* **Exercise details**: Copy nothing but the lines below running from the line containing "have [e [e0" through the line containing "Filter F ->", both end lines included.

# # #

Fixpoint fib_iter (X Y : choiceType) (phi : X * Y -> R) (f : X -> X)
  (g : X -> Y -> Y) (n : nat) (x : X) (psi : Y -> R) : Y -> R :=
  match n with
  | 0 => psi
  | n'.+1 => fib_op phi g (iter n' f x) (fib_iter phi f g n' x psi)
  end.

Definition Iop (X Y : ptopologicalType) (nu : X -> probability (borelT Y) R)
  (psi : X * Y -> R) (x : X) : R :=
  Rintegral (nu x) setT (fun y : borelT Y => psi (x, y)).

End Defs.

(* Since f is expanding, it is injective on small balls, so by compactness
   every fibre of f is finite, and the transfer operator of the skew product
   splits along it:
     L_phi psi (x, y) = sum_{f a = x} (L_a psi(a, .)) (y).
   Integrating against nu_x and using L_a^* nu_x = e^{Phi a} nu_a for each
   preimage a gives I (L_phi psi) = L_Phi (I psi); the dual identity is this
   one integrated against eta. The sum may be taken out of the integral because
   each L_a psi(a, .) is continuous: g_a is a d-to-1 map whose local inverse
   branches come from those of the local homeomorphism F. *)

From HB Require Import structures.
From mathcomp Require Import all_boot all_order all_algebra.
From mathcomp Require Import all_classical all_reals all_analysis finmap.
Import Order.TTheory GRing.Theory Num.Theory.
Import numFieldNormedType.Exports.
Local Open Scope classical_set_scope.
Local Open Scope ring_scope.
Set Implicit Arguments. Unset Strict Implicit.

Section metric.
Variables (R : realType) (T : Type) (dT : T -> T -> R).
Hypothesis metric_dT : is_metric_fn dT.

Lemma metric_xx x : dT x x = 0.
Proof. by case: metric_dT => dT0 _ _; apply/dT0. Qed.

Lemma metric_ge0 x y : 0 <= dT x y.
Proof.
case: metric_dT => _ dTC dT_triangle.
by have := dT_triangle x y x; rewrite metric_xx dTC -mulr2n pmulrn_lge0.
Qed.

End metric.

Section metric_topology.
Variables (R : realType) (T : topologicalType) (dT : T -> T -> R).
Hypotheses (metric_dT : is_metric_fn dT) (top_dT : metrizes_top dT).
Let metric_xx := metric_xx metric_dT.
Let metric_ge0 := metric_ge0 metric_dT.

Lemma metric_ball_open c r : open [set y | dT c y < r].
Proof.
apply/top_dT => y /= cy; exists (r - dT c y); split; first by rewrite subr_gt0.
move=> z /= yz; case: metric_dT => _ _ dT_triangle.
by apply: le_lt_trans (dT_triangle c y z) _; rewrite -ltrBrDl.
Qed.

Lemma metric_nbhsP x (A : set T) :
  nbhs x A <-> exists e : R, 0 < e /\ [set y | dT x y < e] `<=` A.
Proof.
split.
  rewrite nbhsE => -[B [oB Bx] BA].
  have [e [e0 eB]] := proj1 (top_dT B) oB x Bx.
  by exists e; split => // y /eB /BA.
move=> [e [e0 eA]]; rewrite nbhsE; exists [set y | dT x y < e] => //.
by split; [exact: metric_ball_open | rewrite /= metric_xx].
Qed.

Lemma metric_cvg_near (S : Type) (F : set_system S) (h : S -> T) x e :
  h @ F --> x -> 0 < e -> \forall s \near F, dT x (h s) < e.
Proof.
by move=> hx e0; apply: (hx [set y | dT x y < e]); apply/metric_nbhsP; exists e; split.
Qed.

Lemma metric_cvg_near_neq (S : Type) (F : set_system S) (h1 h2 : S -> T) (a b : T) :
  Filter F -> h1 @ F --> a -> h2 @ F --> b -> a <> b ->
  \forall s \near F, h1 s <> h2 s.
Proof.
move=> FF h1a h2b ab.
have dab : 0 < dT a b / 2.
  rewrite divr_gt0// lt_neqAle metric_ge0 andbT.
  by apply/eqP => /esym; case: metric_dT => dT0 _ _ /dT0.
near=> s => h12.
have : dT a b < dT a b / 2 + dT a b / 2.
  case: metric_dT => _ dTC dT_triangle.
  apply: le_lt_trans (dT_triangle a (h1 s) b) _; rewrite {2}h12 [dT _ b]dTC.
  by apply: ltrD; near: s; [exact: metric_cvg_near h1a _ | exact: metric_cvg_near h2b _].
by rewrite -splitr ltxx.
Unshelve. all: by end_near.
Qed.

# # #

* **The completed task**:
  have [e [e0 eB]] := proj1 (top_dT B) oB x Bx.
  by exists e; split => // y /eB /BA.
move=> [e [e0 eA]]; rewrite nbhsE; exists [set y | dT x y < e] => //.
by split; [exact: metric_ball_open | rewrite /= metric_xx].
Qed.

Lemma metric_cvg_near (S : Type) (F : set_system S) (h : S -> T) x e :
  h @ F --> x -> 0 < e -> \forall s \near F, dT x (h s) < e.
Proof.
by move=> hx e0; apply: (hx [set y | dT x y < e]); apply/metric_nbhsP; exists e; split.
Qed.

Lemma metric_cvg_near_neq (S : Type) (F : set_system S) (h1 h2 : S -> T) (a b : T) :
  Filter F -> h1 @ F --> a -> h2 @ F --> b -> a <> b ->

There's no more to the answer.